* [Data excerpts]:
=== Begin Enclosure ===
Lemma cl_mulA x y z : mul x (mul y z) = mul (mul x y) z.
Proof.
apply/ffunP=> D; rewrite !cl_mulE.
under [RHS]eq_bigr => E _ do rewrite cl_mulE !mulr_suml.
rewrite exchange_big /=; apply: eq_bigr=> A _.
rewrite cl_mulE mulr_sumr mulr_suml [RHS](reindex_inj (@symdiff_inj n A)) /=.
apply: eq_bigr=> B _; rewrite symdiffK.
have E : symdiff (symdiff A B) D = symdiff B (symdiff A D).
  by rewrite -symdiffA [symdiff A _]symdiffA [symdiff A B]symdiffC -symdiffA.
have := blade_coef_cocycle A B (symdiff B (symdiff A D)); rewrite symdiffK E => H.
transitivity (x A * y B * z (symdiff B (symdiff A D)) *
  (coef B (symdiff B (symdiff A D)) * coef A (symdiff A D))); first by ring.
by rewrite -H; ring.
Qed.

Lemma cl_mul_bladel B x C : mul (blade K B) x C = coef B (symdiff B C) * x (symdiff B C).
Proof.
rewrite cl_mulE (bigD1 B) //= big1 => [|A nAB]; last by rewrite ffunE (negbTE nAB) !mul0r.
by rewrite ffunE eqxx mul1r addr0 mulrC.
Qed.

Lemma cl_mul_blader x B C : mul x (blade K B) C = x (symdiff C B) * coef (symdiff C B) B.
Proof.
rewrite cl_mulE (bigD1 (symdiff C B)) //= big1 => [|A nAB].
  have -> : symdiff (symdiff C B) C = B by rewrite symdiffC symdiffK.
  by rewrite ffunE eqxx mulr1 addr0.
rewrite ffunE; case: eqP => [E|]; last by rewrite mulr0 mul0r.
by move: nAB; rewrite -E [symdiff C _]symdiffC symdiffKr eqxx.
Qed.

Lemma blade_mul A B : mul (blade K A) (blade K B) = cl_scale (coef A B) (blade K (symdiff A B)).
Proof.
apply/ffunP=> C; rewrite cl_mul_bladel !ffunE.
have -> : (symdiff A C == B) = (C == symdiff A B).
  by apply/eqP/eqP=> [<-|->]; rewrite symdiffK.
by case: eqP=> [->|]; rewrite ?symdiffK ?mulr1 ?mulr0.
Qed.

Lemma cl_mul1x x : mul one x = x.
Proof. by apply/ffunP=> C; rewrite cl_mul_bladel symdiff0s blade_coef0l mul1r. Qed.
Lemma cl_mulx1 x : mul x one = x.
Proof. by apply/ffunP=> C; rewrite cl_mul_blader symdiffs0 blade_coef0r mulr1. Qed.

Lemma cl_mul0x x : mul 0 x = 0.
Proof. by apply/ffunP=> C; rewrite cl_mulE ffunE big1 // => A _; rewrite ffunE !mul0r. Qed.

Lemma cl_mulZl c x y : mul (cl_scale c x) y = cl_scale c (mul x y).
Proof.
apply/ffunP=> C; rewrite cl_mulE [RHS]ffunE cl_mulE mulr_sumr.
by apply: eq_bigr=> A _; rewrite ffunE !mulrA.
Qed.
Lemma cl_mulZr c x y : mul x (cl_scale c y) = cl_scale c (mul x y).
Proof.
apply/ffunP=> C; rewrite cl_mulE [RHS]ffunE cl_mulE mulr_sumr.
by apply: eq_bigr=> A _; rewrite ffunE; ring.
Qed.
Lemma cl_mulDl x y z : mul (x + y) z = mul x z + mul y z.
Proof.
apply/ffunP=> C; rewrite cl_mulE [RHS]ffunE !cl_mulE -big_split.
by apply: eq_bigr=> A _; rewrite ffunE !mulrDl.
Qed.
Lemma cl_mulDr x y z : mul x (y + z) = mul x y + mul x z.
Proof.
apply/ffunP=> C; rewrite cl_mulE [RHS]ffunE !cl_mulE -big_split.
by apply: eq_bigr=> A _; rewrite ffunE mulrDr mulrDl.
Qed.

Lemma cl_addE x y A : (x + y) A = x A + y A.
Proof. by rewrite ffunE. Qed.
Lemma cl_scaleE c x A : cl_scale c x A = c * x A.
Proof. by rewrite ffunE. Qed.
Lemma cl_scaleA c d x : cl_scale c (cl_scale d x) = cl_scale (c * d) x.
Proof. by apply/ffunP=> A; rewrite !ffunE mulrA. Qed.
Lemma cl_scale1 x : cl_scale 1 x = x.
Proof. by apply/ffunP=> A; rewrite !ffunE mul1r. Qed.
Lemma cl_scale_inj c x y : c != 0 -> cl_scale c x = cl_scale c y -> x = y.
Proof. by move=> c0 E; rewrite -[x]cl_scale1 -[y]cl_scale1 -(mulVf c0) -!cl_scaleA E. Qed.

Lemma cl_one_neq0 : one != 0.
Proof.
apply/eqP=> /(congr1 (fun f : cl => f set0)); rewrite !ffunE eqxx.
by move/eqP; rewrite oner_eq0.
Qed.

Lemma cl_inv_unique T U V : mul U T = one -> mul T V = one -> U = V.
Proof. by move=> UT TV; rewrite -[U]cl_mulx1 -TV cl_mulA UT cl_mul1x. Qed.

Definition cl_alpha x : cl := [ffun A : {set 'I_n} => (-1) ^+ #|A| * x A].

Lemma cl_alphaM x y : cl_alpha (mul x y) = mul (cl_alpha x) (cl_alpha y).
Proof.
apply/ffunP=> C; rewrite ffunE !cl_mulE mulr_sumr; apply: eq_bigr=> A _.
rewrite !ffunE sign_symdiff.
transitivity (((-1) ^+ #|A| * (-1) ^+ #|A|) *
  ((-1) ^+ #|C| * (x A * y (symdiff A C) * coef A (symdiff A C)))).
  by rewrite sign_sqr mul1r.
by ring.
Qed.

Lemma cl_alphaK x : cl_alpha (cl_alpha x) = x.
Proof. by apply/ffunP=> A; rewrite !ffunE mulrA sign_sqr mul1r. Qed.
Lemma cl_alphaZ c x : cl_alpha (cl_scale c x) = cl_scale c (cl_alpha x).
Proof. by apply/ffunP=> A; rewrite !ffunE; ring. Qed.
Lemma cl_alpha1 : cl_alpha one = one.
Proof.
apply/ffunP=> A; rewrite !ffunE; case: eqP=> [->|]; last by rewrite mulr0.
by rewrite cards0 expr0 mul1r.
Qed.

Lemma cl_revM x y : cl_rev (mul x y) = mul (cl_rev y) (cl_rev x).
Proof.
apply/ffunP=> C; rewrite ffunE !cl_mulE mulr_sumr.
rewrite [RHS](reindex_inj (@symdiff_injr n C)) /=.
apply: eq_bigr=> A _; rewrite !ffunE symdiffKr.
have := blade_coef_rev A (symdiff A C); rewrite symdiffK => H.
transitivity (x A * y (symdiff A C) * ((-1) ^+ 'C(#|C|, 2) * coef A (symdiff A C)));
  first by ring.
by rewrite H; ring.
Qed.

Lemma cl_revK x : cl_rev (cl_rev x) = x.
Proof. by apply/ffunP=> A; rewrite !ffunE mulrA sign_sqr mul1r. Qed.
Lemma cl_revZ c x : cl_rev (cl_scale c x) = cl_scale c (cl_rev x).
Proof. by apply/ffunP=> A; rewrite !ffunE; ring. Qed.
Lemma cl_revD x y : cl_rev (x + y) = cl_rev x + cl_rev y.
Proof. by apply/ffunP=> A; rewrite !ffunE mulrDr. Qed.
Lemma cl_rev1 : cl_rev one = one.
Proof.
apply/ffunP=> A; rewrite !ffunE; case: eqP=> [->|]; last by rewrite mulr0.
by rewrite cards0 bin0n expr0 mul1r.
Qed.
Lemma cl_alpha_rev x : cl_alpha (cl_rev x) = cl_rev (cl_alpha x).
Proof. by apply/ffunP=> A; rewrite !ffunE; ring. Qed.

End BladeAlgebra.

Lemma eq_opp_0 (K : fieldType) (a : K) : 2%:R != 0 :> K -> a = - a -> a = 0.
Proof.
move=> two_neq0 E; have : a *+ 2 = 0 by rewrite mulr2n {1}E addNr.
by rewrite -mulr_natl => /eqP; rewrite mulf_eq0 (negbTE two_neq0) => /eqP.
Qed.

Section Scalars.
Variables (K : fieldType) (n : nat) (eta : 'I_n -> K).
Local Notation cl := {ffun {set 'I_n} -> K}.
Local Notation mul := (cl_mul eta).
Local Notation one := (cl_one K n).
Implicit Types (A : {set 'I_n}) (x y Z : cl).

Definition cl_scalar (c : K) : cl := cl_scale c one.
Definition cl_commute x y := mul x y = mul y x.

Lemma cl_scalarE c A : cl_scalar c A = c * (A == set0)%:R.
Proof. by rewrite !ffunE. Qed.

Lemma cl_mul_scalarl c x : mul (cl_scalar c) x = cl_scale c x.
Proof. by rewrite cl_mulZl cl_mul1x. Qed.
Lemma cl_mul_scalarr c x : mul x (cl_scalar c) = cl_scale c x.
Proof. by rewrite cl_mulZr cl_mulx1. Qed.

Lemma cl_commuteM Z x y : cl_commute Z x -> cl_commute Z y -> cl_commute Z (mul x y).
Proof. by move=> hx hy; rewrite /cl_commute cl_mulA hx -cl_mulA hy cl_mulA. Qed.

Lemma scalar_center c : in_center (cl_scalar c).
Proof.
move=> A; rewrite cl_scalarE; case: (A =P set0) => [->|_]; first by left.
by rewrite mulr0 eqxx.
Qed.

Lemma scalar_inverse c : c != 0 -> cl_inverse eta (cl_scalar c) (cl_scalar c^-1).
Proof.
move=> c0; rewrite /cl_inverse !cl_mul_scalarl /cl_scalar !cl_scaleA.
by rewrite mulVf ?mulfV ?cl_scale1.
Qed.

Lemma invertible_scalar_neq0 c : cl_invertible eta (cl_scalar c) -> c != 0.
Proof.
case=> V [H _]; apply/eqP=> c0; move: H; rewrite cl_mul_scalarl c0.
have -> : cl_scale 0 V = 0 by apply/ffunP=> A; rewrite !ffunE mul0r.
by move=> E; move: (cl_one_neq0 K n); rewrite -E eqxx.
Qed.

Lemma center_scalar x : ~~ odd n -> in_center x -> x = cl_scalar (x set0).
Proof.
move=> n_even x_center; apply/ffunP=> A; rewrite cl_scalarE.
have [->|nA] := eqP; first by rewrite mulr1.
rewrite mulr0; apply/eqP; apply: contraT => xA.
by case: (x_center A xA) => // -[n_odd _]; rewrite n_odd in n_even.
Qed.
=== End Enclosure ===
* [Task requirements]: Reproduce only the lines above, starting at the line with "Lemma cl_alphaM x" and ending at the line with "transitivity (((-1) ^+ #|A| * (-1) ^+ #|A|) *", exactly as written.

* [Task result]:
Lemma cl_alphaM x y : cl_alpha (mul x y) = mul (cl_alpha x) (cl_alpha y).
Proof.
apply/ffunP=> C; rewrite ffunE !cl_mulE mulr_sumr; apply: eq_bigr=> A _.
rewrite !ffunE sign_symdiff.
transitivity (((-1) ^+ #|A| * (-1) ^+ #|A|) *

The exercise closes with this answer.